With the string "esym" as the filter, copy each matching line from the records.

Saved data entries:
-------------------------

(* Let $\mathcal{P}$ be a nonempty finite poset with $n=|\mathcal{P}|$, let $m=\max_{p\in\mathcal{P}}(|{\downarrow}p|+|{\uparrow}p|)$, and let $\mathcal{A},\mathcal{B}$ be dual families of downsets over $\mathcal{L}(\mathcal{P})$. Then $$\sum_{A\in\mathcal{A}}(3/4)^{|A|/m^2}+\sum_{B\in\mathcal{B}}e^{-(n-|B|)/m}\ \ge\ 1.$$
   Context: For a finite poset $\mathcal{P}$, $\mathcal{L}(\mathcal{P})$ is the lattice of all downsets of $\mathcal{P}$ ordered by inclusion. ${\downarrow}p=\{q:q\le p\}$, ${\uparrow}p=\{q:q\ge p\}$ (both contain $p$, so $m\ge2$). Two families $\mathcal{A},\mathcal{B}$ of downsets of $\mathcal{P}$ are dual over $\mathcal{L}(\mathcal{P})$ if $A\not\subseteq B$ for all $A\in\mathcal{A},B\in\mathcal{B}$, and for every downset $X$ of $\mathcal{P}$ either $X\subseteq B$ for some $B\in\mathcal{B}$ or $A\subseteq X$ for some $A\in\mathcal{A}$. *)

From mathcomp Require Import all_boot.
From Stdlib Require Import Reals.
Set Implicit Arguments. Unset Strict Implicit. Unset Printing Implicit Defensive.

Definition is_partial_order (T : finType) (le : rel T) : Prop :=
  [/\ reflexive le, antisymmetric le & transitive le].

Definition downset (T : finType) (le : rel T) (X : {set T}) : Prop :=
  forall x y : T, le y x -> x \in X -> y \in X.

Definition downp (T : finType) (le : rel T) (p : T) : {set T} := [set q | le q p].
Definition upp (T : finType) (le : rel T) (p : T) : {set T} := [set q | le p q].

Definition mpar (T : finType) (le : rel T) : nat :=
  \max_(p : T) (#|downp le p| + #|upp le p|)%N.

Definition dual_families (T : finType) (le : rel T) (FA FB : {set {set T}}) : Prop :=
  (forall A B, A \in FA -> B \in FB -> ~ (A \subset B)) /\
  (forall X : {set T}, downset le X ->
     (exists2 B, B \in FB & X \subset B) \/ (exists2 A, A \in FA & A \subset X)).

Definition rsum (T : finType) (F : {set {set T}}) (f : {set T} -> R) : R :=
  \big[Rplus/0%R]_(A in F) f A.

From HB Require Import structures.
From mathcomp Require Import all_boot zify.
From Stdlib Require Import Reals Lra Lia.
Set Implicit Arguments. Unset Strict Implicit. Unset Printing Implicit Defensive.
(* The two points fixed off [w0] with opposite values at [w0] are antipodal:
   a coordinate [j] where they agree would, together with the point fixed
   off [j], contradict [toggle1_fixed_dist] for one of the two values at [w0]. *)
Lemma fixed_point_free_antipode_pair w0 : (forall x, ~ is_fixed h x) ->
  exists u, h u = toggle u [set w0] /\ h (antipode u) = toggle (antipode u) [set w0].
Proof.
move=> no_fix.
have [u [u_w0 u_fix]] := fixed_off1_exists w0 false.
have [w [w_w0 w_fix]] := fixed_off1_exists w0 true.
have h_u := fixed_off1_toggle u_fix (no_fix u).
have h_w := fixed_off1_toggle w_fix (no_fix w).
suff w_au : w = antipode u by exists u; rewrite -w_au.
apply/ffunP => j; rewrite ffunE in_setT addbT.
have [->|jw0] := eqVneq j w0; first by rewrite u_w0 w_w0.
case: (eqVneq (w j) (u j)) => [wu_j|]; last by case: (w j) (u j) => [] [].
have [p [p_j p_fix]] := fixed_off1_exists j (u j).
have h_p := fixed_off1_toggle p_fix (no_fix p).
have w0j : w0 != j by rewrite eq_sym.
have := toggle1_fixed_dist h_u h_p w0j (esym p_j).
have := toggle1_fixed_dist h_w h_p w0j (etrans wu_j (esym p_j)).
by rewrite u_w0 w_w0; case: (p w0).
Qed.

Lemma unique_fixed_of_not_circular :
  0 < #|W| -> ~ (positive_circular h \/ negative_circular h) ->
  exists! x, is_fixed h x.
Proof.
move=> /card_gt0P [w0 _] not_circ; apply: NNPP => not_unique; apply: not_circ.
have [[x x_fix]|no_fix] := classic (exists x, is_fixed h x).
  have [y [y_fix xy]] : exists y, is_fixed h y /\ x != y.
    apply: NNPP => no_other; apply: not_unique; exists x; split=> // y y_fix.
    by apply: NNPP => xy; apply: no_other; exists y; split=> //; apply/eqP.
  have := toggled_fixed_pair_circular (u := x) (Cc := set0).
  rewrite cards0 !toggle0 -(two_fixed_antipode x_fix y_fix xy) x_fix y_fix.
  by move/(_ isT erefl erefl); left.
have [u [h_u h_au]] := fixed_point_free_antipode_pair w0 (fun x x_fix => no_fix (ex_intro _ x x_fix)).
by right; have := toggled_fixed_pair_circular _ h_u h_au; rewrite cards1; apply.
Qed.

End UniqueFixedPoint.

-------------------------

Solution below
have := toggle1_fixed_dist h_u h_p w0j (esym p_j).
have := toggle1_fixed_dist h_w h_p w0j (etrans wu_j (esym p_j)).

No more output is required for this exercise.